Queridos suíços, podereis sentir-vos
orgulhosos por saber que aqui no Vaticano se encontram representantes tão
dignos da vossa querida terra. Rezai para que no vosso país jamais faltem
homens empenhados, dispostos a pôr-se ao serviço do Papa e da Igreja!
2. Como todos os peregrinos do Ano Santo,
também vós atravessastes a Porta Santa, que permanece aberta a todos. A
Porta Santa é a imagem de Cristo que disse: "Eu sou a porta"
(Jo 10, 9). A passagem através da Porta Santa requer uma atitude interior.
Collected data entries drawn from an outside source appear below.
(* Fix $\varepsilon>0$ and $\alpha>0$, and let $(\sigma_K)$ be a sequence with $K^{-1/2+\alpha}\ll\sigma_K\ll1$. Let $C_1>0$, $C_2\ge0$ and let $(Z_n)$ be a Markov chain on $\mathbb N_0$ with transition probabilities $p(0,1)=1$ and, for $i\ge1$, $p(i,i+1)=\tfrac12-C_1iK^{-1}+C_2\varepsilon\sigma_K$, $p(i,i-1)=\tfrac12+C_1iK^{-1}-C_2\varepsilon\sigma_K$. Let $\tau_i$ be the first hitting time of level $i$ by $Z$ and $\mathbb P_a$ the law of $Z$ started at $Z_0=a$. Then for all $M\ge 8C_2/C_1$ and all $a\le\tfrac13M\varepsilon\sigma_KK$, $$\lim_{K\to\infty}e^{K^{2\alpha}}\,\mathbb P_a\big[\tau_{\lceil M\varepsilon\sigma_KK\rceil}<\tau_0\big]=0.$$
   Context: $f(K)\ll g(K)$ means $f(K)/g(K)\to0$ as $K\to\infty$. *)

From Stdlib Require Import Reals ZArith Arith.
From Coquelicot Require Import Coquelicot.
Open Scope R_scope.

Definition Rceil_Z (x : R) : Z := (- Int_part (- x))%Z.

Definition up_prob (C1 C2 eps : R) (sigma : nat -> R) (K i : nat) : R :=
  match i with
  | O => 1
  | S _ => / 2 - C1 * INR i / INR K + C2 * eps * sigma K
  end.

(* hit_within p N n i = P_i[ tau_N <= n /\ tau_N < tau_0 ] for the nearest-neighbour
   chain on N_0 with up-probability p i and down-probability 1 - p i
   (first-step analysis on the path space). *)
Fixpoint hit_within (p : nat -> R) (N n i : nat) : R :=
  match n with
  | O => if Nat.eqb i 0 then 0 else if Nat.eqb i N then 1 else 0
  | S m =>
      if Nat.eqb i 0 then 0 else if Nat.eqb i N then 1 else
      p i * hit_within p N m (S i) + (1 - p i) * hit_within p N m (pred i)
  end.

(* P_a[ tau_N < tau_0 ] = lim_n P_a[ tau_N <= n, tau_N < tau_0 ]
   (continuity from below of the probability measure). *)
Definition hit_before_zero (p : nat -> R) (N a : nat) : R :=
  real (Lim_seq (fun n => hit_within p N n a)).

From Stdlib Require Import Reals ZArith Arith Lra Lia.
From Coquelicot Require Import Coquelicot.
Open Scope R_scope.

(* The chain is a birth-death chain, so P_a[tau_N < tau_0] = S(a)/S(N) for its
   scale function S(n) = sum_{m<n} prod_{t<=m} q_t/p_t.  The drift towards 0
   grows linearly in t, hence so do the odds q_t/p_t; this makes the products
   supermultiplicative and gives S(a)/S(N) <= 1 / prod_{t<=N-a} q_t/p_t.  With
   q_t/p_t >= exp(4 d_t - 8 d_t^2), d_t = C1 t/K - C2 eps sigma_K, and
   N - a >= 2N/3, that product is at least exp(C1 M^2 eps^2 sigma_K^2 K / 3),
   while K^{-1/2+alpha} << sigma_K says exactly that K^{2 alpha} << sigma_K^2 K. *)

Lemma exp_le_mono x y : x <= y -> exp x <= exp y.
Proof. intros [Hlt | ->]; [left; apply exp_increasing | right]; auto. Qed.

Lemma exp_le_inv_of_le_exp_opp y z : 0 < z -> z <= exp (- y) -> exp y <= / z.
Proof.
  intros Hz H. rewrite exp_Ropp in H. rewrite <- (Rinv_inv (exp y)).
  apply Rinv_le_contravar; assumption.
Qed.

Lemma real_Lim_seq_between (u : nat -> R) lo hi :
  (forall n, lo <= u n <= hi) -> lo <= real (Lim_seq u) <= hi.
Proof.
  intros Hu.
  assert (Hlo : Rbar_le (Lim_seq (fun _ => lo)) (Lim_seq u))
    by (apply Lim_seq_le_loc; exists O; intros; apply Hu).
  assert (Hhi : Rbar_le (Lim_seq u) (Lim_seq (fun _ => hi)))
    by (apply Lim_seq_le_loc; exists O; intros; apply Hu).
  rewrite Lim_seq_const in Hlo, Hhi.
  destruct (Lim_seq u); simpl in *; easy.
Qed.
(* Let $\mu\in\mathbb{R}\setminus\{0\}$ and let $X$ have the skew-symmetric-Laplace-uniform density $g$ with parameter $\mu$ (defined in the context), and write $\mu'_k=E(X^k)$. If $\mu>0$, then $$\mu'_1=\frac{2}{\mu}-\left(1+\frac{2}{\mu}\right)e^{-\mu},\quad \mu'_2=2,\quad \mu'_3=\frac{24}{\mu}-e^{-\mu}\left[\mu^2+6\mu+18+\frac{24}{\mu}\right],\quad \mu'_4=24.$$ If $\mu<0$, the same formulas hold after replacing $\mu$ by $-\mu$ in each expression and additionally multiplying the expressions for the odd-order moments $\mu'_1,\mu'_3$ by $-1$. Furthermore, for every $\mu\neq 0$ and every integer $r\ge 1$, $\mu'_{2r}=(2r)!$.
   Context: For $\mu\in\mathbb{R}\setminus\{0\}$, the skew-symmetric-Laplace-uniform distribution $SSLUD(\mu)$ is the distribution on $\mathbb{R}$ with density $$g(x)=\begin{cases} 0 & \text{if } x/\mu<-1,\\ e^{-|x|}\left(\dfrac{x}{2\mu}+\dfrac12\right) & \text{if } -1\le x/\mu<1,\\ e^{-|x|} & \text{if } x/\mu\ge 1.\end{cases}$$ *)

From HB Require Import structures.
From mathcomp Require Import all_boot all_order all_algebra.
From mathcomp Require Import all_classical all_reals all_analysis.
Set Implicit Arguments. Unset Strict Implicit. Unset Printing Implicit Defensive.
Import Order.TTheory GRing.Theory Num.Theory.
Local Open Scope ring_scope.

Definition sslud_density (R : realType) (mu x : R) : R :=
  if x / mu < -1 then 0
  else if x / mu < 1 then expR (- `|x|) * (x / (2 * mu) + 1 / 2)
  else expR (- `|x|).

Definition sslud_moment (R : realType) (mu : R) (k : nat) : \bar R :=
  (\int[@lebesgue_measure R]_x ((x ^+ k * sslud_density mu x)%:E))%E.

From HB Require Import structures.
From mathcomp Require Import all_boot all_order all_algebra.
From mathcomp Require Import all_classical all_reals all_analysis.
From mathcomp Require Import ring lra measurable_realfun.
Import Order.TTheory GRing.Theory Num.Theory.
Import numFieldNormedType.Exports.
Local Open Scope ring_scope.
Local Open Scope classical_set_scope.

(* Split the real line at -|mu|, 0 and |mu|.  On [-|mu|, |mu|] the density is
   e^{-|x|} (x/(2 mu) + 1/2); reflecting the negative half onto [0, |mu|] turns
   both middle pieces into combinations of the lower incomplete gamma values
   gamma(j+1, |mu|) = int_0^|mu| x^j e^{-x} dx, with the reflected piece carrying
   the sign (-1)^k.  Exactly one tail carries mass, the right one if mu > 0 and
   the left one if mu < 0, and it equals (+-1) Gamma(k+1, |mu|).  For even k the
   pieces add up to gamma(k+1, |mu|) + Gamma(k+1, |mu|) = k!; for odd k only
   the x/(2 mu) part survives, giving
   gamma(k+2, |mu|)/mu + sg(mu) Gamma(k+1, |mu|). *)

Section real_calculus.
Context {R : realType}.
De
facto, Jesus Cristo é exigente. Chama os homens a decidir. Portanto, se também
nós atravessamos o limiar da Porta Santa, repetimos com o Apóstolo Pedro:
"A quem iremos, Senhor? Tu tens palavras de vida eterna" (Jo 6, 68).
3. Por conseguinte, o rito exterior exprime
uma profunda profissão de fé. Desejo que regresseis ao vosso País, cidades
e aldeias revigorados na fé, para estardes próximos dos vossos irmãos e irmãs
no dia-a-dia. No mundo actual, somos tentados por muitas portas, mas
infelizmente não levam nem à plenitude nem à felicidade. Ao contrário,
podem fazer precipitar o homem no abismo do vazio e da dependência. Quem
deixou de procurar "o caminho, a verdade e a vida" (cf. Jo 14, 6)
deixou de encontrar o acesso a Deus. O peregrino que regressa de Roma pode
indicar o caminho a quantos procuram uma vida com sentido. Para vós invoco de
Deus força e bênção.
4. O vosso caminho jubilar introduz-vos, com
toda a Igreja, num novo período de graça e de missão (cf. Bula de proclamação
do Grande Jubileu, 3), convidando-vos a participar de modo cada vez mais
activo na vida das vossas comunidades cristãs, sob a orientação dos vossos
Pastores, para serdes testemunhas da comunhão eclesial e missionários do
Evangelho junto dos vossos irmãos. A Igreja, que nos gerou para a vida nova
através do Baptismo, comunica-nos os dons de Deus, sobretudo mediante a
Eucaristia e a Penitência, para que levemos uma vida nova e nos empenhemos
incessantemente no caminho da conversão, reanimando desta forma a nossa vida
espiritual e o nosso impulso apostólico. Encorajo-vos sobretudo a concentrar
os vossos esforços na formação moral e espiritual dos jovens, a fim de os
ajudar no seu crescimento pessoal e de os preparar para que sejam cristãos
firmes, prontos a responder jubilosamente à sua vocação e, aos que Deus
chama, para se empenharem no caminho do sacerdócio ou da vida consagrada.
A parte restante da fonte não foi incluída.